Instructions to follow >> For this listing, the lines between the one holding "Lemma spanned_fin_pres : fg_sub" and the one holding "by apply: f_coker; apply/Ny.", inclusive, must be set down exactly.

Start of Available records

Inductive spanned : predArgType := Spanned u & u \in span_pred.
Definition spanned_val w : M := let: Spanned u _ := w in u.
HB.instance Definition _ := [isSub of spanned for spanned_val].
HB.instance Definition _ := [Choice of spanned by <:].
HB.instance Definition _ :=
  GRing.SubChoice_isSubLmodule.Build R M span_pred spanned span_pred_closed.

Lemma spanned_val_is_linear : linear spanned_val. Proof. by []. Qed.
HB.instance Definition _ := GRing.isSemilinear.Build R spanned M _ spanned_val
  (GRing.semilinear_linear spanned_val_is_linear).

Lemma spanned_fin_pres : fg_sub (syzygy x) -> fin_pres spanned.
Proof.
move=> [k [g g_gen]].
have x_in i : x i \in span_pred by apply/asboolP/span_gen.
pose z i := Spanned (x_in i).
have val_z c : spanned_val (lincomb z c) = lincomb x c.
  exact: (linear_lincomb spanned_val).
exists n, z; split.
  move=> [u xu]; split=> // _; have /asboolP/spanP[c cu] := xu.
  apply/spanP; exists c.
  by apply: val_inj; rewrite /= cu val_z.
exists k, g => c; rewrite -g_gen.
change (lincomb z c = 0 <-> lincomb x c = 0); rewrite -val_z.
by split=> [->|zc0] //; apply: val_inj.
Qed.

End SpannedSubmodule.

Section Coherence.
Variables (R : comPzRingType) (M : lmodType R).

Lemma fin_pres_sub_uS1 (N : set M) : fin_pres_sub N -> uS_fin_pres_sub_wrt 1 N.
Proof.
move=> [n [x [Nx x_pres]]].
exists (spanned x), (spanned_val (x := x) : {linear spanned x -> M}); split.
  exact: spanned_fin_pres x_pres.
split; [|split].
- by move=> [u xu]; apply/Nx/asboolP.
- by move=> w w0; rewrite scale1r; apply: val_inj.
- move=> u /Nx/asboolP xu; exists (Spanned xu); by rewrite scale1r.
Qed.

Lemma fin_gen_local :
  (forall m, maximal_ideal m -> exists2 s, ~ m s & S_finite_wrt M s) -> fin_gen M.
Proof.
move=> M_loc; have [|k [g [_ g_gen]]] := fg_multiplier_local (X := @setT M).
  move=> m /M_loc[s ms [k [g g_gen]]]; exists s => //.
  by exists k, g; split=> // u _; apply: g_gen.
by exists k, g => u; split=> // _; apply: g_gen.
Qed.

Lemma fin_pres_sub_local (N : set M) n (y : 'I_n -> M) : (forall u, N u <-> span y u) ->
  (forall m, maximal_ideal m -> exists2 s, ~ m s & uS_fin_pres_sub_wrt s N) ->
  fin_pres_sub N.
Proof.
move=> Ny N_loc; exists n, y; split=> //.
have [|k [g [g_syz g_gen]]] := fg_multiplier_local (X := syzygy y).
  move=> m m_max; have [s ms [F [f [F_pres [f_in [f_ker f_coker]]]]]] := N_loc m m_max.
  exists (s * s).
    by have [_ [_ m_prime]] := maximal_ideal_prime m_max; move=> /m_prime[].
  apply: (syzygy_fg_multiplier (f := f) F_pres) => // [w|u yu]; first exact/Ny.
  by apply: f_coker; apply/Ny.
by exists k, g => c; split; [exact: g_gen|exact: syzygy_span g_syz].
Qed.

Lemma coherent_local :
  (forall m, maximal_ideal m -> uS_coherent M (fun s => ~ m s)) -> coherent M.
Proof.
move=> M_loc; split.
  by apply: fin_gen_local => m /M_loc[s [ms [M_fin _]]]; exists s.
move=> N [n [y Ny]]; apply: (fin_pres_sub_local Ny) => m /M_loc[s [ms [_ M_pres]]].
by exists s => //; apply: M_pres; exists n, y.
Qed.

End Coherence.

Theorem proposition3p5 (R : comPzRingType) (M : lmodType R) :
  (coherent M <->
     (forall p : R -> Prop, prime_ideal p -> uS_coherent M (fun s => ~ p s)))
  /\
  ((forall p : R -> Prop, prime_ideal p -> uS_coherent M (fun s => ~ p s)) <->
     (forall m : R -> Prop, maximal_ideal m -> uS_coherent M (fun s => ~ m s))).
Proof.
have coherent_prime : coherent M ->
    forall p, prime_ideal p -> uS_coherent M (fun s => ~ p s).
  move=> [[n [x Mx]] M_pres] p [_ [np1 _]]; exists 1; split=> //; split.
    by exists n, x => u; apply/Mx.
  by move=> N /M_pres; apply: fin_pres_sub_uS1.
have prime_maximal : (forall p, prime_ideal p -> uS_coherent M (fun s => ~ p s)) ->
    forall m, maximal_ideal m -> uS_coherent M (fun s => ~ m s).
  by move=> M_prime m /maximal_ideal_prime; apply: M_prime.
split; split.
- exact: coherent_prime.
- by move=> /prime_maximal/coherent_local.
- exact: prime_maximal.
- by move=> /coherent_local/coherent_prime.
Qed.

End of Available records

Answer to this problem >>
Lemma spanned_fin_pres : fg_sub (syzygy x) -> fin_pres spanned.
Proof.
move=> [k [g g_gen]].
have x_in i : x i \in span_pred by apply/asboolP/span_gen.
pose z i := Spanned (x_in i).
have val_z c : spanned_val (lincomb z c) = lincomb x c.
  exact: (linear_lincomb spanned_val).
exists n, z; split.
  move=> [u xu]; split=> // _; have /asboolP/spanP[c cu] := xu.
  apply/spanP; exists c.
  by apply: val_inj; rewrite /= cu val_z.
exists k, g => c; rewrite -g_gen.
change (lincomb z c = 0 <-> lincomb x c = 0); rewrite -val_z.
by split=> [->|zc0] //; apply: val_inj.
Qed.

End SpannedSubmodule.

Section Coherence.
Variables (R : comPzRingType) (M : lmodType R).

Lemma fin_pres_sub_uS1 (N : set M) : fin_pres_sub N -> uS_fin_pres_sub_wrt 1 N.
Proof.
move=> [n [x [Nx x_pres]]].
exists (spanned x), (spanned_val (x := x) : {linear spanned x -> M}); split.
  exact: spanned_fin_pres x_pres.
split; [|split].
- by move=> [u xu]; apply/Nx/asboolP.
- by move=> w w0; rewrite scale1r; apply: val_inj.
- move=> u /Nx/asboolP xu; exists (Spanned xu); by rewrite scale1r.
Qed.

Lemma fin_gen_local :
  (forall m, maximal_ideal m -> exists2 s, ~ m s & S_finite_wrt M s) -> fin_gen M.
Proof.
move=> M_loc; have [|k [g [_ g_gen]]] := fg_multiplier_local (X := @setT M).
  move=> m /M_loc[s ms [k [g g_gen]]]; exists s => //.
  by exists k, g; split=> // u _; apply: g_gen.
by exists k, g => u; split=> // _; apply: g_gen.
Qed.

Lemma fin_pres_sub_local (N : set M) n (y : 'I_n -> M) : (forall u, N u <-> span y u) ->
  (forall m, maximal_ideal m -> exists2 s, ~ m s & uS_fin_pres_sub_wrt s N) ->
  fin_pres_sub N.
Proof.
move=> Ny N_loc; exists n, y; split=> //.
have [|k [g [g_syz g_gen]]] := fg_multiplier_local (X := syzygy y).
  move=> m m_max; have [s ms [F [f [F_pres [f_in [f_ker f_coker]]]]]] := N_loc m m_max.
  exists (s * s).
    by have [_ [_ m_prime]] := maximal_ideal_prime m_max; move=> /m_prime[].
  apply: (syzygy_fg_multiplier (f := f) F_pres) => // [w|u yu]; first exact/Ny.
  by apply: f_coker; apply/Ny.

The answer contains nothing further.